De multiples situations à risque

Si les situations à risque sont multiples, elles peuvent cependant être classées en deux grandes catégories : la délivrance d’actes de soins et la sécurité des résidents et de leurs biens.

Les actes de soins : en pratique, en Ehpad, les risques sont généralement liés à une erreur de prescription ou d’administration de médicaments ou à une mauvaise organisation du service (exemple : absence d’organisation de la permanence des soins).

La sécurité des résidents : les résidents en Ehpad peuvent être confrontés à des risques de chute (événement le plus récurrent dans le secteur de l’hébergement), de sortie à l’insu du service, d’agression ou encore de fausse route consécutifs à une erreur d’appréciation de la vulnérabilité du résident ou à un défaut d’organisation du service en raison, notamment, de l’absence de mise en place des consignes de sécurité ou de surveillance prescrites.

Autres sources potentielles de risque, un défaut de sécurité des installations ou un manquement à l’obligation d’assurer la sécurité alimentaire des résidents1.

Enfin, la loi a défini un régime spécifique de responsabilité en cas de perte, de disparition ou de vol des biens des résidents. Ainsi, les établissements sont responsables de plein droit (en l’absence de toute faute) en cas de perte, de vol ou de détérioration des objets déposés par les résidents ; mais la responsabilité de l’établissement ne peut être engagée qu’en cas de faute si les biens considérés n’ont pas fait l’objet des modalités de dépôt2.

La gestion des plaintes et des réclamations en Ehpad

 

Selon qu’elles sont ou non assorties d’une demande indemnitaire, la gestion des plaintes formulées par les résidents ou leur famille suivra deux voies distinctes :

– plaintes sans demande indemnitaire : il peut s’agir, ici, de l’expression de simples mécontentements relatifs à l’accueil et à la prise en charge (exemples : manque d’amabilité des personnels, qualité des repas, demande d’explications sur les soins délivrés,..).
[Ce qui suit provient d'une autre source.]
(* Let $k\ge 2$ and $n>t\geq 1$ be integers. Then the number $B_k(n,t)$ of length-$n$ words over $\Sigma_k$ that have a unique border, this border having length $t$, satisfies \[ B_k(n,t)=\begin{cases} 0, & \text{if } n<2t;\\ u_t k^{n-2t}-\sum_{i=2t}^{\lfloor n/2\rfloor}B_k(i,t)k^{n-2i}, & \text{if } n\ge 2t \text{ and } n+t \text{ is odd};\\ u_t k^{n-2t}-B_k\!\left(\tfrac{n+t}{2},t\right)-\sum_{i=2t}^{\lfloor n/2\rfloor}B_k(i,t)k^{n-2i}, & \text{if } n\ge 2t \text{ and } n+t \text{ is even}. \end{cases} \]
   Context: $\Sigma_k=\{0,1,\ldots,k-1\}$. A border of a word $w$ is a non-empty word that is both a proper prefix and a proper suffix of $w$; $w$ is unbordered if it has no border. A word has a unique border if it has exactly one border. $u_t$ denotes the number of unbordered words of length $t$ over $\Sigma_k$ (with $u_0=1$, $u_n=ku_{n-1}-u_{n/2}$ for even $n>0$, $u_n=ku_{n-1}$ for odd $n$). An empty sum is zero. *)

From mathcomp Require Import all_boot all_order all_algebra.
Set Implicit Arguments. Unset Strict Implicit. Unset Printing Implicit Defensive.

(* Words over Sigma_k = {0,...,k-1} are sequences over 'I_k. *)

Definition is_border_len (T : eqType) (w : seq T) (l : nat) : bool :=
  (0 < l) && (l < size w) && (take l w == drop (size w - l) w).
Selon leur nature, ces demandes peuvent être soumises à la personne qualifiée3 ou traitées au sein de la Commission des relations avec les usagers et de la qualité de la prise en charge (Cruq) pour les établissements qui en sont dotés4. Elles peuvent également être directement gérées par le médecin en charge du résident ou le médecin coordonnateur (demandes d’ordre médical). Enfin, selon l’organisation de chaque structure, la direction de l’Ehpad peut être amenée à répondre directement au plaignant.

Ces dispositifs pourront en outre être complétés par le recours aux médiateurs de la consommation prévus par l’article L152-1 du Code de la consommation5.
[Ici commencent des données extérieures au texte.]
(* The complex $\mathcal{M}(\partial\Delta^2)$ is the $1$-skeleton of a triangular prism (a graph with $6$ vertices and $9$ edges), so $\mathcal{M}(\partial\Delta^2)\simeq\bigvee^4S^1$; moreover $\mathcal{M}(\Delta^2)$ collapses simplicially onto its subcomplex $\mathcal{M}(\partial\Delta^2)$, hence $\mathcal{M}(\Delta^2)\simeq\bigvee^4S^1$.
   Context: All simplicial complexes are finite abstract simplicial complexes; simplices are nonempty. $\Delta^n$ is the simplicial complex of all nonempty subsets of an $(n+1)$-element vertex set, and $\partial\Delta^n$ the subcomplex of proper nonempty subsets. The Hasse diagram $\mathcal{H}(K)$ of $K$ is the directed graph whose vertices are the simplices of $K$, with an edge $\sigma\to\tau$ whenever $\sigma\subsetneq\tau$ and $\dim\tau=\dim\sigma+1$. A matching on $\mathcal{H}(K)$ is a set $W$ of edges of $\mathcal{H}(K)$, no two sharing a vertex; an edge in $W$ is called a pair. $W$ is acyclic if the directed graph obtained from $\mathcal{H}(K)$ by reversing every edge in $W$ has no directed cycle. The complex of discrete Morse matchings $\mathcal{M}(K)$ is the simplicial complex whose vertices are the edges of $\mathcal{H}(K)$ and whose simplices are the nonempty acyclic matchings on $\mathcal{H}(K)$; $\mathcal{M}(\partial\Delta^2)$ is regarded as a subcomplex of $\mathcal{M}(\Delta^2)$ via the map sending each pair to itself. *)

From mathcomp Require Import all_boot.
Set Implicit Arguments. Unset Strict Implicit. Unset Printing Implicit Defensive.

Section SimplicialDefs.
Variable V : finType.

Definition simplicial_complex (K : {set {set V}}) : bool :=
  (set0 \notin K) &&
  [forall s in K, forall t : {set V}, (t != set0) && (t \subset s) ==> (t \in K)].

Definition hasse (K : {set {set V}}) (s t : {set V}) : bool :=
  [&& s \in K, t \in K, s \proper t & #|t| == #|s|.+1].

Definition hedge := ({set V} * {set V})%type.

Definition matching (K : {set {set V}}) (W : {set hedge}) : bool :=
  [forall e in W, hasse K e.1 e.2] &&
  [forall e1 in W, forall e2 in W,
     (e1 != e2) ==> [disjoint [set e1.1; e1.2] & [set e2.1; e2.2]]].

Definition reversed_rel (K : {set {set V}}) (W : {set hedge}) : rel {set V} :=
  fun s t => (hasse K s t && ((s, t) \notin W)) || ((t, s) \in W).

Definition has_dicycle (T : finType) (r : rel T) : bool :=
  [exists x, exists y, r x y && connect r y x].

Definition acyclic_matching (K : {set {set V}}) (W : {set hedge}) : bool :=
  matching K W && ~~ has_dicycle (reversed_rel K W).

(* The complex of discrete Morse matchings M(K); its vertex type is the type
   of (potential) Hasse edges, and its simplices are the nonempty acyclic
   matchings. *)
Definition morse_complex (K : {set {set V}}) : {set {set hedge}} :=
  [set W : {set hedge} | (W != set0) && acyclic_matching K W].

Definition elementary_collapse (K L : {set {set V}}) : Prop :=
  exists s t : {set V},
    [/\ s \in K, t \in K, s \proper t & #|t| = #|s|.+1] /\
    (forall r, r \in K -> s \proper r -> r = t) /\
    L = K :\ s :\ t.

Inductive collapses : {set {set V}} -> {set {set V}} -> Prop :=
  | collapses_refl K : collapses K K
  | collapses_step K K' L : elementary_collapse K K' -> collapses K' L -> collapses K L.

End SimplicialDefs.

Definition Delta2 : {set {set 'I_3}} := [set s : {set 'I_3} | s != set0].
Definition bDelta2 : {set {set 'I_3}} :=
  [set s : {set 'I_3} | (s != set0) && (s != setT)].

(* The 1-skeleton of the triangular prism, on vertex set 'I_3 * bool:
   two triangles (fixed bool coordinate) joined by the three vertical edges
   (fixed 'I_3 coordinate). 6 vertices, 9 edges. *)
Definition prism_edge (x y : 'I_3 * bool) : bool :=
  (x != y) && ((x.1 == y.1) || (x.2 == y.2)).
Definition prism1 : {set {set ('I_3 * bool)}} :=
  [set s : {set ('I_3 * bool)} |
     [exists x, s == [set x]] || [exists x, exists y, prism_edge x y && (s == [set x; y])]].

Definition simplicial_iso (U W : finType) (K : {set {set U}}) (L : {set {set W}}) : Prop :=
  exists f : U -> W, injective f /\ L = [set f @: (s : {set U}) | s in K].

From mathcomp Require Import all_boot.
Set Implicit Arguments. Unset Strict Implicit. Unset Printing Implicit Defensive.

(** The Hasse diagram of the boundary of a triangle is a hexagon, its three vertices
   alternating with its three edges. A matching on it is a set of pairwise disjoint hexagon
   edges; reversing one of the two perfect matchings turns the hexagon into a directed cycle,
   while every other matching stays acyclic. Hence two Hasse edges span a simplex of
   M(∂Δ^2) exactly when they are not adjacent on the hexagon, and the complement of a
   6-cycle is the 1-skeleton of the triangular prism. M(Δ^2) has 24 further simplices, the
   acyclic matchings using one of the three pairs (edge, triangle); they are removed by
   twelve elementary collapses.

   Everything is finite, and the verification is computational: simplices are coded by
   increasing lists of vertices, matchings by sublists of the list of Hasse edges,
   acyclicity is certified either by a rank decreasing along every arrow or by an explicit
   closed walk, and the collapses are found by a greedy search whose outcome is checked. *)

Fixpoint subseqs (T : Type) (s : seq T) : seq (seq T) :=
  if s is x :: s' then [seq x :: w | w <- subseqs s'] ++ subseqs s' else [:: [::]].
En tout état de cause, il paraît essentiel qu’une réponse claire soit apportée à chaque demande de manière notamment à éviter la cristallisation des tensions et la dérive vers une issue contentieuse.

– réclamations indemnitaires : ce type de demande implique la mise en jeu
de la responsabilité civile de l’établissement et, par là même, l’intervention de l’assureur de responsabilité civile. Celui-ci, au terme d’une étude approfondie des circonstances de survenue de l’incident, pourra, le cas échéant, formuler une proposition amiable d’indemnisation. A défaut de proposition indemnitaire par l’assureur ou en cas de refus de la proposition par le plaignant, un tiers pourra être saisi en vue de trancher le litige : il s’agira, selon le choix du plaignant, de la Commission de conciliation et d’indemnisation (CCI)6 et/ou du juge (judiciaire ou administratif selon la nature de l’établissement de santé).

 

Responsabilité civile ou pénale : ce que dit la loi

 

En cas d’accident dommageable (erreur médicale, défaut de surveillance…), le résident (son représentant légal s’il est sous tutelle ou ses ayants droit en cas de décès) peut rechercher deux types de responsabilités (l’une, l’autre ou les deux).
La victime peut rechercher la responsabilité pénale des personnes dont le comportement fautif est à l’origine du dommage et ce, afin d’obtenir des sanctions.

Tout professionnel de santé ou de l’action sociale, quel que soit son statut (agent public, salarié ou libéral), peut voir sa responsabilité pénale engagée dès lors qu’il est reconnu comme étant l’auteur de faits constitutifs d’une infraction et ce, quand bien même il aurait agi dans le cadre de ses fonctions pour le compte de l’Ehpad.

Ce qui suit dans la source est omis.